Remove all the stored wireless network profiles and search for the network. If that still doesn't connect, remove encryption and any MAC filtering on the router to see if it'll connect that way.


----------



## tehlibbyness (Jan 23, 2010)

Thank you for your help.

I did all that and it didn't connect, then I looked back a few mins later and it acted like it was connecting but then got stuck on acquiring address.


----------



## 2xg (Aug 5, 2009)

Hello,

Are you able to connect directly to the Modem or Router by using a Network Cable?

Have you tried booting to a Safe Mode with Networking and see if you are able to wireless connect?

Also, you may try uninstalling/reinstalling your Wireless ethernet adapter if you have not DONE this yet, here's a simple guide:

Click on Start, right click My Computer => Properties => Hardware tab => Device Manager => find your Network Adapters and expand it. Right click on the Wireless Adapter and choose Uninstall. To reinstall, right click anywhere on any Device, then choose Scan for hardware changes.

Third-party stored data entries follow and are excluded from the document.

Lemma metric_triangle x y z : d x z <= d x y + d y z.
Proof. by case: hd => _ [_ []]. Qed.

Lemma annulusP x a b y : annulus d x a b y <-> a <= d x y <= b.
Proof.
rewrite /annulus /cball /oball /=; split.
  by case=> h1 /negP; rewrite -leNgt => h2; rewrite h1 h2.
by case/andP=> h1 h2; split => //; apply/negP; rewrite -leNgt.
Qed.

Lemma oball_open x r : d_open d (oball d x r).
Proof.
move=> y /= hy; exists (r - d x y); first by rewrite subr_gt0.
by move=> z /= hz; have := metric_triangle x y z; lra.
Qed.

Lemma connected_dist_ivt : d_connected d ->
  forall c w t, 0 < t -> t <= d c w -> exists q, d c q = t.
Proof.
move=> hcon c w t t0 tw; apply: contrapT => hno.
have hne q : d c q != t by apply/eqP => h; apply: hno; exists q.
apply: hcon; exists (fun q => d c q < t), (fun q => t < d c q); split.
- split => y /= hy.
    exists (t - d c y); first by rewrite subr_gt0.
    by move=> z /= hz; have := metric_triangle c y z; lra.
  exists (d c y - t); first by rewrite subr_gt0.
  by move=> z /= hz; have := metric_triangle c z y; rewrite (metricC z y); lra.
- by exists c; rewrite /= metricxx.
- by exists w => /=; rewrite lt_neqAle tw andbT eq_sym.
- by apply/seteqP; split => y //= [] /= h1 h2; lra.
- apply/seteqP; split => y //= _.
  by have := hne y; rewrite neq_lt => /orP[h|h]; [left|right].
Qed.

Lemma diam_oball_le c s : (diam d (oball d c s) <= (2 * s)%:E)%E.
Proof.
apply: ge_ereal_sup => _ [y /= hy] [z /= hz] <-; rewrite lee_fin.
by have := metric_triangle y c z; rewrite (metricC y c); lra.
Qed.

Lemma diam_oball_ge c s q : 0 < s -> d c q < s ->
  ((d c q)%:E <= diam d (oball d c s))%E.
Proof.
move=> s0 hq; apply: ereal_sup_ubound.
by exists c; [rewrite /oball /= metricxx | exists q].
Qed.

Lemma dist_oball_le x c s : 0 < s -> (dist d x (oball d c s) <= (d x c)%:E)%E.
Proof. by move=> s0; apply: ereal_inf_lbound; exists c; rewrite //= metricxx. Qed.

Lemma dist_oball_ge x c s : ((d x c - s)%:E <= dist d x (oball d c s))%E.
Proof.
apply: le_ereal_inf_tmp => _ [y /= hy] <-; rewrite lee_fin.
by have := metric_triangle x y c; rewrite (metricC y c); lra.
Qed.

Lemma exists_far_point x (a : R) : ((2 * a)%:E < diam d setT)%E ->
  exists w, a < d x w.
Proof.
move=> ha; apply: contrapT => hno; move: ha; apply/negP; rewrite -leNgt.
apply: ge_ereal_sup => _ [y _] [z _] <-; rewrite lee_fin.
have far q : d x q <= a by rewrite leNgt; apply/negP => h; apply: hno; exists q.
by have := metric_triangle y x z; rewrite (metricC y x); have := far y; have := far z; lra.
Qed.

Lemma oball_overlap {c1 c2 : T} {s1 s2 M : R} : 3 <= M -> 0 < s1 ->
  d c1 c2 + s1 / 2 <= s2 -> s2 <= s1 ->
  exists (c' : T) (s' : R), [/\ 0 < s',
    oball d c' s' `<=` oball d c1 s1 `&` oball d c2 s2 &
    oball d c1 s1 `|` oball d c2 s2 `<=` oball d c' (M * s')].
Proof.
move=> M3 s10 h1 h2; exists c1, (s1 / 2); split.
- by rewrite divr_gt0.
- move=> y /= hy; split => /=; first lra.
  by have := metric_triangle c2 c1 y; rewrite (metricC c2 c1); lra.
- have hM : s1 <= M * (s1 / 2) by nra.
  move=> y [] /= hy; first lra.
  by have := metric_triangle c1 c2 y; have := metric_ge0 c1 c2; nra.
Qed.

End Metric.

Section DiscreteChains.
Context {R : realType} {T : Type} (d : T -> T -> R) (A : set T) (eps : R).

Definition dchain (y z : T) (n : nat) (p : nat -> T) : Prop :=
  [/\ p 0%N = y, p n = z, (forall j, (j < n)%N -> d (p j) (p j.+1) < eps) &
      (forall j, (j <= n)%N -> A (p j))].

(* A shortest chain: cutting out [p a.+1, ..., p b.-1] whenever [d (p a) (p b) < eps]. *)
Lemma dchain_shortest y z : (exists n p, dchain y z n p) ->
  exists n p, dchain y z n p /\
    (forall a b, (a.+2 <= b)%N -> (b <= n)%N -> eps <= d (p a) (p b)).
Proof.
case=> n; elim/ltn_ind: n => n IH [p hp].
have [hsep|hns] := pselect (forall a b, (a.+2 <= b)%N -> (b <= n)%N ->
  eps <= d (p a) (p b)); first by exists n, p.
have [a [b [ab bn hab]]] :
    exists a b, [/\ (a.+2 <= b)%N, (b <= n)%N & d (p a) (p b) < eps].
  apply: contrapT => hno; apply: hns => a b ab bn; rewrite leNgt; apply/negP => h.
  by apply: hno; exists a, b.
pose k := (b - a - 1)%N.
pose q j := if (j <= a)%N then p j else p (j + k)%N.
case: hp => p0 pn ps pA.
apply: (IH (n - k)%N); first by rewrite /k; lia.
exists q; split.
- by rewrite /q leq0n.
- rewrite /q ifF; last by apply/negbTE; rewrite /k; lia.
  by have -> : (n - k + k = n)%N by rewrite /k; lia.
- move=> j jn; rewrite /q.
  have [ja|ja] := ltnP j a.
    by rewrite (ltnW ja); apply: ps; lia.
  have [->|jna] := eqVneq j a.
    by rewrite leqnn; have -> : (a.+1 + k = b)%N by rewrite /k; lia.
  have -> : (j <= a)%N = false by lia.
  by rewrite addSn; apply: ps; rewrite /k; lia.
- by move=> j jn; rewrite /q; case: ifP => h; apply: pA; rewrite /k; lia.
Qed.

Lemma dchain_rcons y a b n p : dchain y a n p -> A b -> d a b < eps ->
  dchain y b n.+1 (fun j => if (j <= n)%N then p j else b).
Proof.
case=> p0 pn ps pA Ab ab; split => //=.
- by rewrite ltnn.
- move=> j; rewrite ltnS => jn; rewrite jn.
  have [/ps//|nj] := ltnP j n.
  have -> : j = n by lia.
  by rewrite pn.
- by move=> j jn; case: ifP => h; [apply: pA|].
Qed.

(* The supremum of the parameters reachable by an eps-chain is reachable, and equals 1. *)
Lemma curve_dchain y z : is_metric d -> curve_in d A y z -> 0 < eps ->
  exists n p, dchain y z n p.
Proof.
move=> hd [g [gc g0 g1 gA]] e0.
pose S := [set t : R | (0 <= t <= 1) /\ exists n p, dchain y (g t) n p].
have S0 : S 0.
  split; first by rewrite lexx ler01.
  by exists 0%N, (fun=> y); split => // j _; rewrite -g0; apply: gA; rewrite lexx ler01.
have hs : has_sup S by split; [exists 0 | exists 1 => t [] /andP[]].
set ts := sup S.
have ts01 : 0 <= ts <= 1.
  by rewrite sup_upper_bound // ge_sup //; [exists 0 | move=> t [] /andP[]].
have [del del0 hdel] := gc ts ts01 eps e0.
have [t St] := sup_adherent del0 hs; rewrite -/ts => tlt.
have tsle : t <= ts by apply: sup_upper_bound.
have reach_ts : exists n p, dchain y (g ts) n p.
  case: St => t01 [n [p hp]]; exists n.+1; eexists; apply: dchain_rcons hp _ _.
    exact: gA.
  by apply: hdel => //; rewrite ler0_norm ?subr_le0 //; lra.
suff ts1 : ts = 1 by rewrite ts1 g1 in reach_ts.
apply: contrapT => hne.
have tsl1 : ts < 1 by rewrite lt_neqAle; case/andP: ts01 => _ ->; rewrite andbT; apply/eqP.
pose s := Num.min 1 (ts + del / 2).
have sgt : ts < s by rewrite /s lt_min tsl1 /=; lra.
have sle : s <= ts + del / 2 by rewrite /s ge_min lexx orbT.
have s01 : 0 <= s <= 1.
  by rewrite [s <= 1]ge_min lexx andbT; case/andP: ts01 => ts0 _; lra.
have Ss : S s.
  split => //; case: reach_ts => n [p hp].
  exists n.+1; eexists; apply: dchain_rcons hp _ _; first exact: gA.
  by rewrite metricC //; apply: hdel => //; rewrite gtr0_norm ?subr_gt0 //; lra.
by have := sup_upper_bound hs Ss; rewrite -/ts; lra.
Qed.

End DiscreteChains.

Arguments dchain_shortest {R T d A eps y z}.
Arguments curve_dchain {R T d A eps y z}.

Lemma exists_expr2_ge {R : realType} (x : R) : exists k : nat, x <= 2 ^+ k.
Proof.
exists (Num.bound `|x|); apply: (le_trans (ler_norm x)); apply: ltW.
apply: (lt_le_trans (archi_boundP (normr_ge0 x))).
by rewrite -natrX ler_nat ltnW // ltn_expl.
Qed.

Lemma doubling_nonneg {R : realType} {dsp : measure_display} {T : measurableType dsp}
  {d : T -> T -> R} {mu : {measure set T -> \bar R}} : doubling d mu ->
  exists C, [/\ 0 <= C,
    forall x r, 0 < r -> (0 < mu (oball d x r))%E /\ (mu (oball d x r) < +oo)%E &
    forall x r, 0 < r -> (mu (oball d x (2 * r)) <= C%:E * mu (oball d x r))%E].
Proof.
move=> [hpos [C hC]]; exists (Num.max C 1); split => //.
  by rewrite le_max ler01 orbT.
move=> x r r0; apply: (le_trans (hC x r r0)); apply: lee_wpmul2r => //.
by rewrite lee_fin le_max lexx.
Qed.

Definition dyadic {R : realType} (r : R) (k : nat) : R := 2 * r / 2 ^+ k.

Lemma dyadic_gt0 {R : realType} (r : R) k : 0 < r -> 0 < dyadic r k.
Proof. by move=> r0; rewrite divr_gt0 ?exprn_gt0 //; lra. Qed.

Lemma dyadicS {R : realType} (r : R) k : dyadic r k.+1 = dyadic r k / 2.
Proof. by rewrite /dyadic exprS invfM mulrA mulrAC. Qed.

Lemma dyadic_le {R : realType} (r : R) k : 0 <= r -> dyadic r k <= 2 * r.
Proof.
move=> r0; rewrite /dyadic ler_pdivrMr ?exprn_gt0 // ler_peMr ?exprn_ege1 //; lra.
Qed.

Lemma dyadic0 {R : realType} (r : R) : dyadic r 0 = 2 * r.
Proof. by rewrite /dyadic expr0 divr1. Qed.

Section Doubling.
Context {R : realType} {dsp : measure_display} {T : measurableType dsp}.
Context {d : T -> T -> R} {mu : {measure set T -> \bar R}} {C : R}.
Hypotheses (hd : is_metric d) (hb : borel_for_metric d) (C0 : 0 <= C).
Hypothesis mu_oball :
  forall x r, 0 < r -> (0 < mu (oball d x r))%E /\ (mu (oball d x r) < +oo)%E.
Hypothesis mu_doubling :
  forall x r, 0 < r -> (mu (oball d x (2 * r)) <= C%:E * mu (oball d x r))%E.

Lemma d_open_measurable U : d_open d U -> measurable U.
Proof. by move=> hU; rewrite hb; apply: sub_sigma_algebra. Qed.

Lemma oball_measurable x r : measurable (oball d x r).
Proof. exact/d_open_measurable/oball_open. Qed.

Lemma mu_oball_doublingXn j x s : 0 < s ->
  (mu (oball d x (2 ^+ j * s)) <= (C ^+ j)%:E * mu (oball d x s))%E.
Proof.
elim: j x s => [|j IH] x s s0; first by rewrite expr0 !mul1r mul1e.
rewrite exprS -mulrA (le_trans (mu_doubling _ _ _)) ?mulr_gt0 ?exprn_gt0 //.
rewrite exprS EFinM -muleA; apply: lee_wpmul2l; first by rewrite lee_fin.
exact: IH.
Qed.

(* Volume argument: the disjoint balls B(q a, t) each have mass at least
   C^-k mu(B(x, R0)), and they all lie in B(x, 2 R0). *)
Lemma separated_points_card_le (k m : nat) x R0 t (q : nat -> T) :
  0 < t -> t <= R0 -> 2 * R0 <= 2 ^+ k * t ->
  (forall a, (a < m)%N -> d x (q a) <= R0) ->
  (forall a b, (a < b)%N -> (b < m)%N -> 2 * t <= d (q a) (q b)) ->
  m%:R <= C ^+ k.+1.
Proof.
move=> t0 tR hk hin hsep.
have [V0 Vfin] := mu_oball x R0 (lt_le_trans t0 tR).
set v := fine (mu (oball d x R0)).
have vE : mu (oball d x R0) = v%:E by rewrite fineK // ge0_fin_numE // ltW.
have v0 : 0 < v by rewrite -lte_fin -vE.
have Ck0 : (0 <= (C ^+ k)%:E)%E by rewrite lee_fin exprn_ge0.
have low a : (a < m)%N -> (v%:E <= (C ^+ k)%:E * mu (oball d (q a) t))%E.
  move=> am; rewrite -vE; apply: (le_trans _ (mu_oball_doublingXn k (q a) t t0)).
  apply: le_measure; rewrite ?inE; try exact: oball_measurable.
  move=> y /= hy; have := metric_triangle hd (q a) x y.
  by rewrite (metricC hd (q a) x); have := hin a am; lra.
pose U j := [set y | exists2 a, (a < j)%N & d (q a) y < t].
have U_open j : d_open d (U j).
  move=> y [a aj hy]; exists (t - d (q a) y); first by rewrite subr_gt0.
  by move=> z /= hz; exists a => //; have := metric_triangle hd (q a) y z; lra.
have mu_U j : (j <= m)%N -> ((j%:R * v)%:E <= (C ^+ k)%:E * mu (U j))%E.
  elim: j => [|j IH] jm; first by rewrite mul0r mule_ge0.
  have -> : U j.+1 = U j `|` oball d (q j) t.
    apply/seteqP; split => y.
      case=> a; rewrite ltnS leq_eqVlt => /orP[/eqP -> hy|aj hy]; first by right.
      by left; exists a.
    by case=> [[a aj hy]|hy]; [exists a => //; exact: ltnW | exists j].
  have disj : U j `&` oball d (q j) t = set0.
    apply/seteqP; split => y //= [[a aj hy] hy2]; have := hsep a j aj jm.
    by have := metric_triangle hd (q a) y (q j); rewrite (metricC hd y (q j)); lra.
  rewrite measureU //; [|exact: d_open_measurable|exact: oball_measurable].
  rewrite ge0_muleDr // -natr1 mulrDl mul1r EFinD.
  by apply: leeD; [apply: IH; exact: ltnW | exact: low].
have mu_Um : (mu (U m) <= (C * v)%:E)%E.
  rewrite EFinM -vE; apply: (le_trans _ (mu_doubling _ _ (lt_le_trans t0 tR))).
  apply: le_measure; rewrite ?inE; [exact: d_open_measurable|exact: oball_measurable|].
  by move=> y [a am hy] /=; have := metric_triangle hd x (q a) y; have := hin a am; lra.
have := le_trans (mu_U m (leqnn m)) (lee_wpmul2l Ck0 mu_Um).
by rewrite -EFinM lee_fin => h; rewrite -(ler_pM2r v0) exprSr -mulrA.
Qed.

Context {L lam : R} {k0 N : nat}.
Hypothesis hac : annularly_connected d L.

Normally your Windows will do a Plug N play auto install for you, but just in case you might have your CD driver ready.

If re-install didn't help at all, I'd consider replacing your wireless ethernet adapter and look for something like this one =>http://www.amazon.com/TRENDnet-108M...?ie=UTF8&s=electronics&qid=1264284808&sr=8-11


----------



## tehlibbyness (Jan 23, 2010)

Yes, it works when I plug directly into the router or modem. I tried safe mode again just to be sure and it acts the same way.

I don't have a Wireless adapter but a wireless card, I don't know if that makes a difference or not. I went ahead and uninstalled/reinstalled it, results were the same.

It did manage to connect with limited to no connectivity, so I tried to repair it and it got stuck on renewing the IP address.


----------



## 2xg (Aug 5, 2009)

From previous posts I detect a bad wireless card, there are wireless ethernet cards, USB wireless adapters that you can buy for under $20, if you want to go this route which I do recommend.


----------